:: Data excerpts ::
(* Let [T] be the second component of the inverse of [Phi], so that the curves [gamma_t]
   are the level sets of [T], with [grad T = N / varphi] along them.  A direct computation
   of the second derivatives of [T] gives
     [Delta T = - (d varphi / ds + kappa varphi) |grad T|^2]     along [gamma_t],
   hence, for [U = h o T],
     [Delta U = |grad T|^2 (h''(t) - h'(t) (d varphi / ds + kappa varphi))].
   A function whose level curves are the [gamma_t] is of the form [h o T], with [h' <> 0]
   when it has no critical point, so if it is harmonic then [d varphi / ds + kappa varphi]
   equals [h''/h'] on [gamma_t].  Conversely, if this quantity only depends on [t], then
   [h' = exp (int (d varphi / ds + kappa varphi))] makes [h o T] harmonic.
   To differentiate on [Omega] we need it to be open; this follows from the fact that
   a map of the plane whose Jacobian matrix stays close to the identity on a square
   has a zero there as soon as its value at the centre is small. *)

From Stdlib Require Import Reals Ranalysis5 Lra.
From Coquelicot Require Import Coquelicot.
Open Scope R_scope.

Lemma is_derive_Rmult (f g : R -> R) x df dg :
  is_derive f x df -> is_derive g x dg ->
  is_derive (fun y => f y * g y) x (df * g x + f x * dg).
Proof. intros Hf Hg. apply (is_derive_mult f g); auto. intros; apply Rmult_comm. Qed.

==

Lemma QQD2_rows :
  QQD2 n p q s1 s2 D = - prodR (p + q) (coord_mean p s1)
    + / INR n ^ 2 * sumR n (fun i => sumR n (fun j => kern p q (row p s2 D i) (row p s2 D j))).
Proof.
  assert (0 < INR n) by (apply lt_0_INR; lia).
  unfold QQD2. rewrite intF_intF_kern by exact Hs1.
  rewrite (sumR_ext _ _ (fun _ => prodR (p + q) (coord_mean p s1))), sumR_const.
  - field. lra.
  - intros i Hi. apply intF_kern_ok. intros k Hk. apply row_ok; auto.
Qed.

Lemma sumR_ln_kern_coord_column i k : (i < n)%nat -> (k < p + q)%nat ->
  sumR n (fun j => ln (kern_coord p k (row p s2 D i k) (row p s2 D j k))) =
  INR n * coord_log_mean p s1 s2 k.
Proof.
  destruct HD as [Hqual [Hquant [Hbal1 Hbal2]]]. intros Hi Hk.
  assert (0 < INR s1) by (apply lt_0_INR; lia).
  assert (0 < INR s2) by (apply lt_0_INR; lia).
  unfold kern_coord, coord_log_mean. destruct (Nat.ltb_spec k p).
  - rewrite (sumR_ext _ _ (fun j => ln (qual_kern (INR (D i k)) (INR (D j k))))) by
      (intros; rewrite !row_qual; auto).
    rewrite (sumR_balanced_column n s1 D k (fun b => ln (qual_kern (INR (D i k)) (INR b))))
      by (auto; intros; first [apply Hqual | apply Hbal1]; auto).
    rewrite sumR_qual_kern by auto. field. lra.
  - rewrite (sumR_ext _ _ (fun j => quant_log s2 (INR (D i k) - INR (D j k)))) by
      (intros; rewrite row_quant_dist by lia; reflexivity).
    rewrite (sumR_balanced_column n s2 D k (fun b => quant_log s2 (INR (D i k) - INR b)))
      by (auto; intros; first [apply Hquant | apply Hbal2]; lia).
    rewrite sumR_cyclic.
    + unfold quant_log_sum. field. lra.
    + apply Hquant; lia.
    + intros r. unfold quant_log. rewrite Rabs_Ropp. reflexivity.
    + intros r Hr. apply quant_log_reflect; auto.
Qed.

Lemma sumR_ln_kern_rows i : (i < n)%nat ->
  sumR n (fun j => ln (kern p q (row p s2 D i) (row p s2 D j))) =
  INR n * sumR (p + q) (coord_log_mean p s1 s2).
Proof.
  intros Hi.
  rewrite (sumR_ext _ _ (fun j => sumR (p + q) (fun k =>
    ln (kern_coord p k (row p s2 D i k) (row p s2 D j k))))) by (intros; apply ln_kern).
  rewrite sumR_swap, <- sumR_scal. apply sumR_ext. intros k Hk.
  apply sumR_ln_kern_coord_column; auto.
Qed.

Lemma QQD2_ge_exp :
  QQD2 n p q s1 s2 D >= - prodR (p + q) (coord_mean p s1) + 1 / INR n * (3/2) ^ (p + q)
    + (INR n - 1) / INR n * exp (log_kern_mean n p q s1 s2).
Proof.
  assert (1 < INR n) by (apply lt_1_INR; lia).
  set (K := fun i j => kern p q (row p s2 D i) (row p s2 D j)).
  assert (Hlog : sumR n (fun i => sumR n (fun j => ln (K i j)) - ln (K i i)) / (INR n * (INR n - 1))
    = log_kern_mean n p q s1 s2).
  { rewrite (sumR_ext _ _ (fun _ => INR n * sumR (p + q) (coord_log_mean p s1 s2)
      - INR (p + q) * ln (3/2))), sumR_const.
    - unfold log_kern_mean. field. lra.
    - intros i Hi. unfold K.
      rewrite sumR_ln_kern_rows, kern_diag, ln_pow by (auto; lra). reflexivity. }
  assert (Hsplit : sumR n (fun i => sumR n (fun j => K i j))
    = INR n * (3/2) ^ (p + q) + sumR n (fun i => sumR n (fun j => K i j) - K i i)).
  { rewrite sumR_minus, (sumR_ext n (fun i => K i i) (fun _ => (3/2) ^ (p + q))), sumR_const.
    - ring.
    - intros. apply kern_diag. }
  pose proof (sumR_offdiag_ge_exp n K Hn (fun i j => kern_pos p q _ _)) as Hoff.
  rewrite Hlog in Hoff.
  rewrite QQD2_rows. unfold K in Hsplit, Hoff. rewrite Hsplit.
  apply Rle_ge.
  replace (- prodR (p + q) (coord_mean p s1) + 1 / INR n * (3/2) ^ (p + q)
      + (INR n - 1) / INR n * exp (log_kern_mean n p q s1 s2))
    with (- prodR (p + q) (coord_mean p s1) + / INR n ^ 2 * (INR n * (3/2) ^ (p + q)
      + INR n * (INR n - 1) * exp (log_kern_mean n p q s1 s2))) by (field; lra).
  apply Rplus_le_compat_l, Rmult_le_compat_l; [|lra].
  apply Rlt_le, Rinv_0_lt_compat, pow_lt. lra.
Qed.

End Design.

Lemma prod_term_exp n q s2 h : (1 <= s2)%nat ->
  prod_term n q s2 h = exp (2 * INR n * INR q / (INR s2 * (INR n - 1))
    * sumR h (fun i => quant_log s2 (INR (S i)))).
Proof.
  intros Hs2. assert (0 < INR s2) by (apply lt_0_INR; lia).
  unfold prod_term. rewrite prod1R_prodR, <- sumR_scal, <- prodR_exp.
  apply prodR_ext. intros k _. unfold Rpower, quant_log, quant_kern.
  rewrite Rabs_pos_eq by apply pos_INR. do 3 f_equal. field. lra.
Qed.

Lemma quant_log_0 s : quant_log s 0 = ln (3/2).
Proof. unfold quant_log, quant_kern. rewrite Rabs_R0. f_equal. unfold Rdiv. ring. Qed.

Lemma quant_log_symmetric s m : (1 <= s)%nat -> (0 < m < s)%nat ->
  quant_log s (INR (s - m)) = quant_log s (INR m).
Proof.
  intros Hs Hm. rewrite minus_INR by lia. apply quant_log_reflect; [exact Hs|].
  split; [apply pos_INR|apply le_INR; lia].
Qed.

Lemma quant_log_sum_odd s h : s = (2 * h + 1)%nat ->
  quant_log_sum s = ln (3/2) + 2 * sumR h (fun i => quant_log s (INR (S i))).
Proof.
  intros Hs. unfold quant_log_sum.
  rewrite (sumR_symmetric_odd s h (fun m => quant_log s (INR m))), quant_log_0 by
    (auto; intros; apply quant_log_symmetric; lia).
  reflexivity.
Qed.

:: Work request ::
In the listing above, find the line with "- field. lra." and the line with "(intros; rewrite !row_qual; auto)."; output exactly those lines and all lines between them.

:: Expected answer ::
  - field. lra.
  - intros i Hi. apply intF_kern_ok. intros k Hk. apply row_ok; auto.
Qed.

Lemma sumR_ln_kern_coord_column i k : (i < n)%nat -> (k < p + q)%nat ->
  sumR n (fun j => ln (kern_coord p k (row p s2 D i k) (row p s2 D j k))) =
  INR n * coord_log_mean p s1 s2 k.
Proof.
  destruct HD as [Hqual [Hquant [Hbal1 Hbal2]]]. intros Hi Hk.
  assert (0 < INR s1) by (apply lt_0_INR; lia).
  assert (0 < INR s2) by (apply lt_0_INR; lia).
  unfold kern_coord, coord_log_mean. destruct (Nat.ltb_spec k p).
  - rewrite (sumR_ext _ _ (fun j => ln (qual_kern (INR (D i k)) (INR (D j k))))) by
      (intros; rewrite !row_qual; auto).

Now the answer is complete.